Submitted on April 6, the argument joins 500,000 pieces of correspondence received by the U.S. Fish and Wildlife Department on the proposed polar bear listing.

"Polar bears have become a political tool for environmental groups trying to force a change in U.S. climate change policy," said Environment Minister Patterk Nester.

Listing polar bears as threatened could be devastating to Nunavut's sport hunt economy, but a U.S. Fish and Wildlife spokesman said that American hunters may still be able to take home their trophy, even if the species is labelled threatened.

This may be the way out for the $1.5 million a year sport hunt industry.

"We have not determined that either," said Larry Bell, assistant regional director for external affairs for the U.S. Fish and Wildlife service on if a threatened listing means no imports.

"There are some differences between the Marine Mammal Act and the Endangered Species Act.
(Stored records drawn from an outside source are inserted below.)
(* Let $X,Z\in\mathbb{R}^{n\times r}$ with $XX^{T}\ne ZZ^{T}$. Then $$\delta(X,Z)\ge\max_{t\ge0}\frac{\cos\theta(t)-t}{1+t},$$ where for $t\ge0$, $$\cos\theta(t):=\max_{y,\,W_{i,j}}\left\{\frac{\mathbf{e}^{T}[\mathbf{J}y-w]}{\|\mathbf{e}\|\,\|\mathbf{J}y-w\|}\;:\;\frac{\langle\mathbf{J}^{T}\mathbf{J},W\rangle}{\|\mathbf{e}\|\,\|\mathbf{J}y-w\|}=2t,\;W\succeq0\right\},$$ the maximization being over $y\in\mathbb{R}^{nr}$ and $W_{i,j}\in\mathbb{R}^{n\times n}$ for $i,j\in\{1,\dots,r\}$, with $W=[W_{i,j}]_{i,j=1}^{r}\in\mathbb{R}^{nr\times nr}$ and $w=\sum_{i=1}^{r}\mathrm{vec}(W_{i,i})$.
   Context: $\mathbf{e}=\mathrm{vec}(XX^{T}-ZZ^{T})\in\mathbb{R}^{n^{2}}$ (column-stacking vectorization) and $\mathbf{J}\in\mathbb{R}^{n^{2}\times nr}$ satisfies $\mathbf{J}\,\mathrm{vec}(Y)=\mathrm{vec}(XY^{T}+YX^{T})$ for all $Y\in\mathbb{R}^{n\times r}$; $\langle A,B\rangle=\mathrm{tr}(A^{T}B)$. A linear map $\mathcal{A}:\mathbb{R}^{n\times n}\to\mathbb{R}^{m}$ satisfies $(\delta,p)$-RIP if $0\le\delta<1$ and there is $\nu>0$ with $(1-\delta)\|E\|_{F}^{2}\le\frac{1}{\nu}\|\mathcal{A}(E)\|^{2}\le(1+\delta)\|E\|_{F}^{2}$ for all $E$ of rank at most $p$. With $r^{\star}=\mathrm{rank}(Z)$, $\delta(X,Z)$ is the infimum of all $\delta$ for which there exist $m\ge1$ and linear $\mathcal{A}:\mathbb{R}^{n\times n}\to\mathbb{R}^{m}$ satisfying $(\delta,r+r^{\star})$-RIP with $\nabla f_{\mathcal{A}}(X)=0$ and $\nabla^{2}f_{\mathcal{A}}(X)\succeq0$, where $f_{\mathcal{A}}(U)=\|\mathcal{A}(UU^{T}-ZZ^{T})\|^{2}$ on $\mathbb{R}^{n\times r}$. *)

From HB Require Import structures.
From mathcomp Require Import all_boot all_order all_algebra.
From mathcomp Require Import all_classical all_reals all_analysis.
Set Implicit Arguments. Unset Strict Implicit. Unset Printing Implicit Defensive.
Import Order.TTheory GRing.Theory Num.Theory.
Local Open Scope ring_scope.
Local Open Scope classical_set_scope.

Section Defs.
Variable R : realType.

(* column-stacking vectorization: vec A has entry A a j at index j*m + a
   (index (j,a) via mxvec_index), i.e. the columns of A stacked. *)
Definition vec (m k : nat) (A : 'M[R]_(m, k)) : 'cV[R]_(k * m) := (mxvec A^T)^T.

Definition sqnorm (p : nat) (v : 'cV[R]_p) : R := \sum_i (v i 0) ^+ 2.
Definition enorm (p : nat) (v : 'cV[R]_p) : R := Num.sqrt (sqnorm v).

Definition frob2 (m k : nat) (E : 'M[R]_(m, k)) : R := \sum_i \sum_j (E i j) ^+ 2.

Definition mxinner (m k : nat) (A B : 'M[R]_(m, k)) : R := \tr (A^T *m B).

Definition psd (p : nat) (W : 'M[R]_p) : Prop :=
  W^T = W /\ forall x : 'cV[R]_p, 0 <= (x^T *m W *m x) 0 0.

Definition RIP (n m : nat) (A : {linear 'M[R]_n -> 'cV[R]_m}) (delta : R) (p : nat) : Prop :=
  0 <= delta < 1 /\
  exists nu : R, 0 < nu /\
    forall E : 'M[R]_n, (\rank E <= p)%N ->
      (1 - delta) * frob2 E <= sqnorm (A E) / nu /\
      sqnorm (A E) / nu <= (1 + delta) * frob2 E.

Definition fA (n r m : nat) (A : {linear 'M[R]_n -> 'cV[R]_m}) (Z : 'M[R]_(n, r))
  (U : 'M[R]_(n, r)) : R := sqnorm (A (U *m U^T - Z *m Z^T)).

Definition grad_zero (n r m : nat) (A : {linear 'M[R]_n -> 'cV[R]_m})
  (X Z : 'M[R]_(n, r)) : Prop :=
  forall Y : 'M[R]_(n, r), derive1 (fun s : R => fA A Z (X + s *: Y)) 0 = 0.

Definition hess_psd (n r m : nat) (A : {linear 'M[R]_n -> 'cV[R]_m})
  (X Z : 'M[R]_(n, r)) : Prop :=
  forall Y : 'M[R]_(n, r), 0 <= derive1n 2 (fun s : R => fA A Z (X + s *: Y)) 0.

Definition admissible_delta (n r : nat) (X Z : 'M[R]_(n, r)) (d : R) : Prop :=
  exists m : nat, (1 <= m)%N /\
    exists A : {linear 'M[R]_n -> 'cV[R]_m},
      RIP A d (r + \rank Z) /\ grad_zero A X Z /\ hess_psd A X Z.

(* delta(X,Z) : infimum (in the extended reals; +oo if no admissible delta) *)
Definition delta_XZ (n r : nat) (X Z : 'M[R]_(n, r)) : \bar R :=
  ereal_inf [set d%:E | d in admissible_delta X Z].

Definition evec (n r : nat) (X Z : 'M[R]_(n, r)) : 'cV[R]_(n * n) :=
  vec (X *m X^T - Z *m Z^T).

(* block W_{i,j} (n x n) of W in R^{nr x nr}, i,j in {1..r} *)
Definition blk (n r : nat) (W : 'M[R]_(r * n)) (i j : 'I_r) : 'M[R]_n :=
  \matrix_(a < n, b < n) W (mxvec_index i a) (mxvec_index j b).

Definition wvec (n r : nat) (W : 'M[R]_(r * n)) : 'cV[R]_(n * n) :=
  \sum_(i < r) vec (blk W i i).

(* c is the objective value of a feasible point (y, W) of the program
   defining cos theta(t) *)
Definition cos_theta_value (n r : nat) (X Z : 'M[R]_(n, r))
  (J : 'M[R]_(n * n, r * n)) (t c : R) : Prop :=
  exists (y : 'cV[R]_(r * n)) (W : 'M[R]_(r * n)),
    let e := evec X Z in
    let v := J *m y - wvec W in
    v != 0 /\ psd W /\
    mxinner (J^T *m J) W / (enorm e * enorm v) = 2 * t /\
    c = (e^T *m v) 0 0 / (enorm e * enorm v).

End Defs.

(* Write E := XX^T - ZZ^T and G(Y) := XY^T + YX^T.  First- and second-order
   optimality of X for f_A say <A E, A G(Y)> = 0 and
   |A G(Y)|^2 + 2 <A E, A (YY^T)> >= 0 for every Y.  Factoring W = sum_l l l^T,
   a feasible point (y, W) of the program defining cos theta(t) becomes a
   residual V = G(Y0) - sum_l Y_l Y_l^T with <J^T J, W> = T := sum_l |G(Y_l)|^2.
   Compressing by the orthogonal projector P onto the column spaces of X and Z
   (of rank at most r + rank Z) fixes E and brings V into the range where RIP
   applies: optimality bounds <A E, A (P V P)> above by nu (1 + delta) T / 2, RIP
   polarization bounds it below by nu (<E, V> - delta |E| |V|).  Hence
   <E, V> <= delta (|E| |V| + T / 2) + T / 2, i.e. delta >= (cos - t) / (1 + t). *)

From HB Require Import structures.
From mathcomp Require Import all_boot all_order all_algebra.
From mathcomp Require Import all_classical all_reals all_analysis.
From mathcomp Require Import ring lra.
Set Implicit Arguments. Unset Strict Implicit. Unset Printing Implicit Defensive.
Import Order.TTheory GRing.Theory Num.Theory.
Local Open Scope ring_scope.

Section FrobeniusInnerProduct.
Variable R : realType.
Implicit Types p q : nat.

Lemma mxinnerE p q (A B : 'M[R]_(p, q)) :
  mxinner A B = \sum_i \sum_j A i j * B i j.
Proof.
rewrite exchange_big; apply: eq_bigr => j _; rewrite mxE.
by apply: eq_bigr => i _; rewrite mxE.
Qed.

Lemma mxinnerC p q (A B : 'M[R]_(p, q)) : mxinner A B = mxinner B A.
Proof. by rewrite /mxinner -mxtrace_tr trmx_mul trmxK. Qed.

Fact mxinner_is_scalar p q (A : 'M[R]_(p, q)) : scalar (mxinner A).
Proof. by move=> k B C; rewrite /mxinner mulmxDr -scalemxAr mxtraceD mxtraceZ. Qed.

HB.instance Definition _ p q (A : 'M[R]_(p, q)) :=
  GRing.isLinear.Build R 'M[R]_(p, q) R *%R (mxinner A) (mxinner_is_scalar A).

Lemma mxinnerDr p q (A B C : 'M[R]_(p, q)) :
  mxinner A (B + C) = mxinner A B + mxinner A C.
Proof. exact: linearD. Qed.

Lemma mxinnerBr p q (A B C : 'M[R]_(p, q)) :
  mxinner A (B - C) = mxinner A B - mxinner A C.
Proof. exact: linearB. Qed.

Lemma mxinnerZr p q k (A B : 'M[R]_(p, q)) : mxinner A (k *: B) = k * mxinner A B.
Proof. exact: linearZ. Qed.

Lemma mxinner_sumr p q I (s : seq I) (A : 'M[R]_(p, q)) (F : I -> 'M[R]_(p, q)) :
  mxinner A (\sum_(i <- s) F i) = \sum_(i <- s) mxinner A (F i).
Proof. exact: linear_sum. Qed.

Lemma mxinnerDl p q (A B C : 'M[R]_(p, q)) :
  mxinner (A + B) C = mxinner A C + mxinner B C.
Proof. by rewrite !(mxinnerC _ C) mxinnerDr. Qed.

Lemma mxinnerBl p q (A B C : 'M[R]_(p, q)) :
  mxinner (A - B) C = mxinner A C - mxinner B C.
Proof. by rewrite !(mxinnerC _ C) mxinnerBr. Qed.

Lemma mxinnerZl p q k (A B : 'M[R]_(p, q)) : mxinner (k *: A) B = k * mxinner A B.
Proof. by rewrite !(mxinnerC _ B) mxinnerZr. Qed.

Lemma frob2E p q (A : 'M[R]_(p, q)) : frob2 A = mxinner A A.
Proof.
by rewrite mxinnerE; apply: eq_bigr => i _; apply: eq_bigr => j _; rewrite expr2.
Qed.

Lemma frob2_ge0 p q (A : 'M[R]_(p, q)) : 0 <= frob2 A.
Proof. by apply: sumr_ge0 => i _; apply: sumr_ge0 => j _; apply: sqr_ge0. Qed.

Lemma frob2_eq0 p q (A : 'M[R]_(p, q)) : (frob2 A == 0) = (A == 0).
Proof.
apply/idP/eqP => [|->]; last first.
  by rewrite /frob2 big1 // => i _; rewrite big1 // => j _; rewrite mxE expr0n.
have row_ge0 i : 0 <= \sum_j A i j ^+ 2 by apply: sumr_ge0 => j _; apply: sqr_ge0.
move/eqP/(psumr_eq0P (fun i _ => row_ge0 i)) => rows0; apply/matrixP => i j.
have /(psumr_eq0P (fun j _ => sqr_ge0 (A i j)))/(_ j isT)/eqP := rows0 i isT.
by rewrite sqrf_eq0 mxE => /eqP.
Qed.

Lemma frob2_gt0 p q (A : 'M[R]_(p, q)) : (0 < frob2 A) = (A != 0).
Proof. by rewrite lt_def frob2_ge0 frob2_eq0 andbT. Qed.

Lemma sqnormE p (v : 'cV[R]_p) : sqnorm v = frob2 v.
Proof. by apply: eq_bigr => i _; rewrite big_ord1. Qed.

Lemma mxinner_cV p (u v : 'cV[R]_p) : mxinner u v = (u^T *m v) 0 0.
Proof. exact: trace_mx11. Qed.

Lemma mulmx_trmx_eq0 p q (A : 'M[R]_(p, q)) : (A *m A^T == 0) = (A == 0).
Proof.
apply/eqP/eqP => [AA0|->]; last by rewrite mul0mx.
by apply/eqP; rewrite -trmx_eq0 -frob2_eq0 frob2E /mxinner trmxK AA0 mxtrace0.
Qed.

End FrobeniusInnerProduct.

Section Vectorization.
Variable R : realType.
Implicit Types p q : nat.

Fact vec_is_linear p q : linear (@vec R p q).
Proof. by move=> k A B; rewrite /vec !linearP. Qed.

HB.instance Definition _ p q :=
  GRing.isLinear.Build R 'M[R]_(p, q) 'cV[R]_(q * p) *:%R (@vec R p q)
    (@vec_is_linear p q).

Lemma vecE p q (A : 'M[R]_(p, q)) j i : vec A (mxvec_index j i) 0 = A i j.
Proof. by rewrite /vec mxE mxvecE mxE. Qed.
We are getting a legal review."

Nunavut's submission to the Americans says that politics and poor science have been applied to the polar bear issue.

"We suggest that the proposed listing is more about the politics of climate change than it is about polar bears," appears in the first paragraph of the submission.

The document outlines which scientists are playing politics, and how they are going about it.

The Centre for Biological Diversity (CBD) is identified as the proponents of the listing, and the document calls their motivation into question, and lumps them in with a familiar enemy, Greenpeace.

"Their interest in the plight of the polar bear did not emerge until the World Wildlife Fund made polar bears a poster species for fighting greenhouse gas emissions... They were joined by Greenpeace in their submission," reads the document. Nunavut Environment officials also accuse CBD of putting words in the mouth of an Inuit icon.

"Ms. Sheila Watt-Cloutier was identified as a reviewer. She is listed as a reviewer, but she did not review the proposed rule," reads the document.

With 500,000 notes, e-mails, letters and proposals on the polar bear listing, Fish and Wildlife officials have their work cut out for them.

They are going to be sifting through messages for months.

"We are beginning to break them down into categories," said Bell. "It is not a popularity contest, we are really interested in the science. "

The Nunavut Wildlife Management Board will hold a hearing April 24-25 in Arviat on proposed options to lower the harvest quota on Western Hudson Bay polar bears, a population which the Canadian Wildlife Service has reported to be in decline.